> **WORK TASK**: From the entries, copy out every line in which the word "exists" is found.

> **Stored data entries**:
(* Compactness: two disjoint paths on [0,1] are at positive distance. *)
Lemma curve_dist (f g : R -> pt) : pc f -> pc g ->
  (forall s t, 0 <= s <= 1 -> 0 <= t <= 1 -> f s <> g t) ->
  exists d, 0 < d /\ forall s t, 0 <= s <= 1 -> 0 <= t <= 1 -> d <= dst (f s) (g t).
Proof.
  intros Hf Hg Hne.
  set (Pm := fun s t => 0 <= t <= 1 /\ forall t', 0 <= t' <= 1 -> dst (f s) (g t) <= dst (f s) (g t')).
  assert (Ex : forall s, exists t, Pm s t).
  { intros s. destruct (continuity_ab_min (fun t => dst (f s) (g t)) 0 1 ltac:(lra)) as [m [Hm1 Hm2]].
    - intros c _. apply C1_dst_r; auto.
    - exists m. split; auto. }
  set (tm := fun s => epsilon (inhabits 0) (Pm s)).
  assert (Htm : forall s, Pm s (tm s)) by (intros s; exact (epsilon_spec (inhabits 0) (Pm s) (Ex s))).
  (* h s = distance from f s to the path g, which is 1-Lipschitz in f s *)
  set (h := fun s => dst (f s) (g (tm s))).
  assert (Hh : forall x, continuity_pt h x).
  { intros x. apply (cont_by_bound h (fun y => dst (f x) (f y))).
    - intros y. unfold h. apply Rabs_le. destruct (Htm x) as [Hx1 Hx2]. destruct (Htm y) as [Hy1 Hy2].
      pose proof (Hx2 (tm y) Hy1). pose proof (dst_tri (f x) (f y) (g (tm y))).
      pose proof (Hy2 (tm x) Hx1). pose proof (dst_tri (f y) (f x) (g (tm x))).
      rewrite (dst_sym (f y) (f x)) in *. split; lra.
    - apply C1_dst_r; auto.
    - unfold dst, psub, nrm. cbn [fst snd]. rewrite !Rminus_eq_0.
      replace (0 ^ 2 + 0 ^ 2) with 0 by ring. apply sqrt_0. }
  destruct (continuity_ab_min h 0 1 ltac:(lra) (fun c _ => Hh c)) as [m [Hm1 Hm2]].
  exists (h m). split.
  - unfold h. destruct (Htm m) as [Ht _]. destruct (dst_ge0 (f m) (g (tm m))) as [| E]; auto.
    exfalso. apply (Hne m (tm m) Hm2 Ht). apply dst_eq0. auto.
  - intros s t Hs Ht. eapply Rle_trans; [apply (Hm1 s Hs) |]. unfold h. apply Htm; auto.
Qed.

Lemma valid_of_fine f N z d : fine f N d -> avoids f z d ->
  forall k, (k < N)%nat -> valid z (samp f N k) (samp f N (S k)).
Proof.
  intros [HN Hm] Hd k Hk. unfold valid. specialize (Hm k Hk).
  pose proof (Hd (INR k / INR N) (samp_range N k HN ltac:(lia))). unfold samp in *. lra.
Qed.

Lemma loop_polygon f g N w : loop f g -> (0 < N)%nat ->
  samp f N N = samp g N O /\ cat (samp f N) (samp g N) N (N + N) = cat (samp f N) (samp g N) N O /\
  ws (cat (samp f N) (samp g N) N) (N + N) w = wloop f g N w.
Proof.
  intros [H1 H2] HN. assert (J : samp f N N = samp g N O) by (rewrite samp_N, samp_0; auto).
  split; [auto | split].
  - rewrite cat_hi, cat_lo by (auto; lia). rewrite samp_N, samp_0 by auto. congruence.
  - apply ws_cat; auto.
Qed.

Lemma wloop_homotopy f g N d (W : R -> pt) : loop f g -> fine f N d -> fine g N d -> pc W ->
  (forall s, 0 <= s <= 1 -> avoids f (W s) d /\ avoids g (W s) d) ->
  wloop f g N (W 0) = wloop f g N (W 1).
Proof.
  intros Hl Hf Hg HW Hav. pose proof (proj1 Hf) as HN.
  destruct (loop_polygon f g N (W 0) Hl HN) as [J [C E0]].
  destruct (loop_polygon f g N (W 1) Hl HN) as [_ [_ E1]].
  rewrite <- E0, <- E1. apply ws_path; auto; [lia |].
  intros s Hs. destruct (Hav s Hs). apply step_cat; auto; eapply valid_of_fine; eauto.
Qed.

> **RESPONSE BOX**:
  exists d, 0 < d /\ forall s t, 0 <= s <= 1 -> 0 <= t <= 1 -> d <= dst (f s) (g t).
  assert (Ex : forall s, exists t, Pm s t).
    - exists m. split; auto. }
  exists (h m). split.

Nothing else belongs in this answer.